=== Stored items ===
(* Let $P(\lambda)=\sum_{j=0}^m A_j\lambda^j$ be an $n\times n$ complex matrix polynomial, $\mu_1\neq\mu_2$ complex numbers, $\varepsilon>0$ and $w=\{\omega_0,\dots,\omega_m\}$ nonnegative weights with $\omega_0>0$. Suppose $Q(\lambda)=P(\lambda)+\Delta(\lambda)\in\mathcal{B}(P,\varepsilon,w)$, where $\Delta(\lambda)=\sum_{j=0}^m\Delta_j\lambda^j$, and that $\mu_1,\mu_2$ are eigenvalues of $Q$. Then for every $\gamma\neq0$, $$\varepsilon\ \ge\ \frac{\|F[\Delta(\mu_1,\mu_2);\gamma]\|}{\left\|\begin{bmatrix} w(|\mu_1|) & 0\\ \gamma\,|w[\mu_1,\mu_2]| & w(|\mu_2|)\end{bmatrix}\right\|}\ \ge\ \frac{s_{2n-1}(F[P(\mu_1,\mu_2);\gamma])}{\left\|\begin{bmatrix} w(|\mu_1|) & 0\\ \gamma\,|w[\mu_1,\mu_2]| & w(|\mu_2|)\end{bmatrix}\right\|}.$$
   Context: $\mathcal{B}(P,\varepsilon,w)$ is the set of matrix polynomials $\sum_{j=0}^m(A_j+\Delta_j)\lambda^j$ with $\Delta_j\in\mathbb{C}^{n\times n}$ and $\|\Delta_j\|\le\varepsilon\omega_j$ for $j=0,\dots,m$ ($\|\cdot\|$ the spectral norm). $w(\lambda)=\sum_{j=0}^m\omega_j\lambda^j$, and $|w[\mu_1,\mu_2]|$ denotes $\sum_{j=0}^m\omega_j\frac{|\mu_1^j-\mu_2^j|}{|\mu_1-\mu_2|}$. For a matrix polynomial $R$, $R[\mu_1,\mu_2]=\frac{R(\mu_1)-R(\mu_2)}{\mu_1-\mu_2}$ and $F[R(\mu_1,\mu_2);\gamma]=\begin{bmatrix} R(\mu_1) & 0\\ \gamma R[\mu_1,\mu_2] & R(\mu_2)\end{bmatrix}$. Singular values are ordered $s_1\ge\dots\ge s_{2n}$, so $s_{2n-1}$ is the second smallest. *)

From HB Require Import structures.
From mathcomp Require Import all_boot all_order all_algebra.
From mathcomp Require Import complex.
From mathcomp Require Import boolp classical_sets reals.
From Stdlib Require Import ClassicalEpsilon.
Set Implicit Arguments. Unset Strict Implicit. Unset Printing Implicit Defensive.
Import Order.TTheory GRing.Theory Num.Theory.
Local Open Scope ring_scope.
Local Open Scope complex_scope.

Section Defs.
Variable R : realType.
Local Notation C := R[i].

Definition cabs (z : C) : R := Normc.normc z.

Definition vnorm (k : nat) (v : 'cV[C]_k) : R :=
  Num.sqrt (\sum_(i < k) cabs (v i 0) ^+ 2).

Definition specnorm (p q : nat) (A : 'M[C]_(p, q)) : R :=
  sup [set vnorm (A *m v) | v in [set v : 'cV[C]_q | vnorm v = 1]]%classic.

Definition ctrmx (p q : nat) (A : 'M[C]_(p, q)) : 'M[C]_(q, p) :=
  (map_mx (@conjc R) A)^T.

Definition unitary (k : nat) (U : 'M[C]_k) : Prop := ctrmx U *m U = 1%:M.

Definition svd_values (N : nat) (A : 'M[C]_N) (s : 'I_N -> R) : Prop :=
  (forall i, 0 <= s i) /\ (forall i j : 'I_N, (i <= j)%N -> s j <= s i) /\
  exists U V : 'M[C]_N, unitary U /\ unitary V /\
    A = U *m diag_mx (\row_i (s i)%:C) *m ctrmx V.

Definition singular_values (N : nat) (A : 'M[C]_N) : 'I_N -> R :=
  epsilon (inhabits (fun _ => 0)) (svd_values A).

(* s_k(A), 1-based: s_1 >= s_2 >= ... >= s_N *)
Definition singval (N : nat) (A : 'M[C]_N) (k : nat) : R :=
  nth 0 [seq singular_values A i | i <- enum 'I_N] k.-1.

Definition mpeval (n m : nat) (A : 'I_m.+1 -> 'M[C]_n) (z : C) : 'M[C]_n :=
  \sum_(j < m.+1) z ^+ j *: A j.

Definition mpdd (n m : nat) (A : 'I_m.+1 -> 'M[C]_n) (z1 z2 : C) : 'M[C]_n :=
  (z1 - z2)^-1 *: (mpeval A z1 - mpeval A z2).

Definition Fmx (n m : nat) (A : 'I_m.+1 -> 'M[C]_n) (z1 z2 : C) (g : R)
  : 'M[C]_(n + n) :=
  block_mx (mpeval A z1) 0 (g%:C *: mpdd A z1 z2) (mpeval A z2).

Definition mp_eigenvalue (n m : nat) (A : 'I_m.+1 -> 'M[C]_n) (z : C) : Prop :=
  \det (mpeval A z) = 0.

Definition weval (m : nat) (w : 'I_m.+1 -> R) (x : R) : R :=
  \sum_(j < m.+1) w j * x ^+ j.

Definition wdd_abs (m : nat) (w : 'I_m.+1 -> R) (z1 z2 : C) : R :=
  \sum_(j < m.+1) w j * (cabs (z1 ^+ j - z2 ^+ j) / cabs (z1 - z2)).

Definition Wmx (m : nat) (w : 'I_m.+1 -> R) (z1 z2 : C) (g : R) : 'M[C]_2 :=
  \matrix_(i < 2, j < 2)
    (if (i == 0) && (j == 0) then (weval w (cabs z1))%:C
     else if (i == 1) && (j == 0) then (g * wdd_abs w z1 z2)%:C
     else if (i == 1) && (j == 1) then (weval w (cabs z2))%:C
     else 0).

End Defs.

(* For a unit vector x = (x1; x2), the two blocks of F[Delta] x are bounded by
   eps w(|mu1|) |x1| and eps (|gamma| |w[mu1,mu2]| |x1| + w(|mu2|) |x2|), which are
   the entries of eps W y for the unit vector y = (|x1|; sign(gamma) |x2|); hence
   ||F[Delta]|| <= eps ||W||.
   If Q(mu1) x = 0 and Q(mu2) v = 0, then (0; v) and (x; gamma/(mu1 - mu2) x) are
   independent kernel vectors of F[Q] = F[P] + F[Delta], so some nonzero z in their
   span is orthogonal to the last right singular vector of F[P]; for it,
   s_{2n-1} |z| <= |F[P] z| = |F[Delta] z| <= ||F[Delta]|| |z|.  Singular values
   exist by the spectral theorem for F[P]^* F[P]. *)

From HB Require Import structures.
From mathcomp Require Import all_boot all_order all_algebra.
From mathcomp Require Import complex reals boolp classical_sets.
From Stdlib Require Import ClassicalEpsilon.
From mathcomp Require Import ring zify.
Set Implicit Arguments. Unset Strict Implicit. Unset Printing Implicit Defensive.
Import Order.TTheory GRing.Theory Num.Theory Num.Def.
Local Open Scope ring_scope.
Local Open Scope complex_scope.
Local Open Scope sesquilinear_scope.

Section VectorNorm.
Variable R : realType.
Local Notation C := R[i].

Definition vnorm2 k (v : 'cV[C]_k) : R := \sum_(i < k) cabs (v i 0) ^+ 2.

Lemma cabsE (z : C) : (cabs z)%:C = `|z|.
Proof. by []. Qed.

Lemma cabs_ge0 (z : C) : 0 <= cabs z.
Proof. by rewrite -lecR cabsE normr_ge0. Qed.

Lemma cabs0 : cabs (0 : C) = 0.
Proof. by apply: (@complexI R); rewrite cabsE normr0. Qed.

Lemma cabsR (x : R) : cabs x%:C = `|x|.
Proof. by apply: complexI; rewrite cabsE normc_def /= expr0n /= addr0 sqrtr_sqr. Qed.

Lemma cabsM (x y : C) : cabs (x * y) = cabs x * cabs y.
Proof. by apply: complexI; rewrite rmorphM /= !cabsE normrM. Qed.

Lemma cabsX (z : C) j : cabs (z ^+ j) = cabs z ^+ j.
Proof. by apply: (@complexI R); rewrite rmorphXn /= !cabsE normrX. Qed.

Lemma cabsV (z : C) : cabs z^-1 = (cabs z)^-1.
Proof. by apply: (@complexI R); rewrite fmorphV /= !cabsE normfV. Qed.

Lemma vnorm2_ge0 k (v : 'cV[C]_k) : 0 <= vnorm2 v.
Proof. by apply: sumr_ge0 => i _; rewrite exprn_ge0 ?cabs_ge0. Qed.

Lemma vnormE k (v : 'cV[C]_k) : vnorm v = Num.sqrt (vnorm2 v).
Proof. by []. Qed.

Lemma vnorm_ge0 k (v : 'cV[C]_k) : 0 <= vnorm v.
Proof. exact: sqrtr_ge0. Qed.

Lemma sqr_vnorm k (v : 'cV[C]_k) : vnorm v ^+ 2 = vnorm2 v.
Proof. by rewrite vnormE sqr_sqrtr ?vnorm2_ge0. Qed.

Lemma ctrmxE p q (A : 'M[C]_(p, q)) : ctrmx A = A ^t conjC.
Proof. by rewrite /ctrmx map_trmx. Qed.

Lemma ctrmxM p q r (A : 'M[C]_(p, q)) (B : 'M[C]_(q, r)) :
  ctrmx (A *m B) = ctrmx B *m ctrmx A.
Proof. by rewrite /ctrmx map_mxM trmx_mul. Qed.

Lemma ctrmxK p q (A : 'M[C]_(p, q)) : ctrmx (ctrmx A) = A.
Proof. by apply/matrixP => i j; rewrite !mxE conjcK. Qed.

Lemma vnorm2_col p q (M : 'M[C]_(p, q)) i :
  (vnorm2 (col i M))%:C = (ctrmx M *m M) i i.
Proof.
rewrite /vnorm2 rmorph_sum !mxE; apply: eq_bigr => l _.
by rewrite rmorphXn /= cabsE normCK !mxE mulrC.
Qed.

Lemma vnorm2_ctrmx k (v : 'cV[C]_k) : (vnorm2 v)%:C = (ctrmx v *m v) 0 0.
Proof. by rewrite -vnorm2_col col_id. Qed.

Lemma vnormC k (v : 'cV[C]_k) : (vnorm v)%:C = sqrtC (dotmx v^T v^T).
Proof.
have -> : dotmx v^T v^T = (vnorm2 v)%:C.
  by rewrite vnorm2_ctrmx dotmxE !mxE; apply: eq_bigr => i _; rewrite !mxE mulrC.
by rewrite -[in RHS](sqr_vnorm v) rmorphXn /= sqrCK // ler0c vnorm_ge0.
Qed.

Lemma vnormD k (u v : 'cV[C]_k) : vnorm (u + v) <= vnorm u + vnorm v.
Proof.
rewrite -lecR rmorphD /= !vnormC linearD /=.
exact: (triangle_lerif (@dotmx C k) u^T v^T).1.
Qed.

Lemma vnormZ k (c : C) (v : 'cV[C]_k) : vnorm (c *: v) = cabs c * vnorm v.
Proof.
rewrite !vnormE; have -> : vnorm2 (c *: v) = cabs c ^+ 2 * vnorm2 v.
  by rewrite /vnorm2 mulr_sumr; apply: eq_bigr => i _; rewrite !mxE cabsM exprMn.
by rewrite sqrtrM ?exprn_ge0 ?cabs_ge0 // sqrtr_sqr ger0_norm ?cabs_ge0.
Qed.

Lemma vnormN k (v : 'cV[C]_k) : vnorm (- v) = vnorm v.
Proof. by rewrite -scaleN1r vnormZ -(@rmorphN1 _ _ (real_complex R)) cabsR normrN1 mul1r. Qed.

Lemma vnorm0 k : vnorm (0 : 'cV[C]_k) = 0.
Proof. by rewrite -(scale0r 0) vnormZ cabs0 mul0r. Qed.

Lemma vnorm2_eq0 k (v : 'cV[C]_k) : vnorm2 v = 0 -> v = 0.
Proof.
move=> v0; apply/matrixP => i j; rewrite ord1 mxE.
have /eqP : cabs (v i 0) ^+ 2 = 0.
  apply/eqP; rewrite eq_le exprn_ge0 ?cabs_ge0 // andbT -v0 /vnorm2.
  by rewrite (bigD1 i) //= lerDl sumr_ge0 // => ? _; rewrite exprn_ge0 ?cabs_ge0.
by rewrite expf_eq0 /= => /eqP c0; apply/eqP; rewrite -normr_eq0 -cabsE c0.
Qed.

Lemma vnorm_gt0 k (v : 'cV[C]_k) : v != 0 -> 0 < vnorm v.
Proof.
move=> v0; rewrite lt_def vnorm_ge0 andbT; apply: contra v0 => /eqP v0.
by apply/eqP/vnorm2_eq0; rewrite -sqr_vnorm v0 expr0n.
Qed.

=== Your assignment ===
For each line in the data above that contains the string "complexI", extract the line.

=== Solution to the problem ===
Proof. by apply: (@complexI R); rewrite cabsE normr0. Qed.
Proof. by apply: complexI; rewrite cabsE normc_def /= expr0n /= addr0 sqrtr_sqr. Qed.
Proof. by apply: complexI; rewrite rmorphM /= !cabsE normrM. Qed.
Proof. by apply: (@complexI R); rewrite rmorphXn /= !cabsE normrX. Qed.
Proof. by apply: (@complexI R); rewrite fmorphV /= !cabsE normfV. Qed.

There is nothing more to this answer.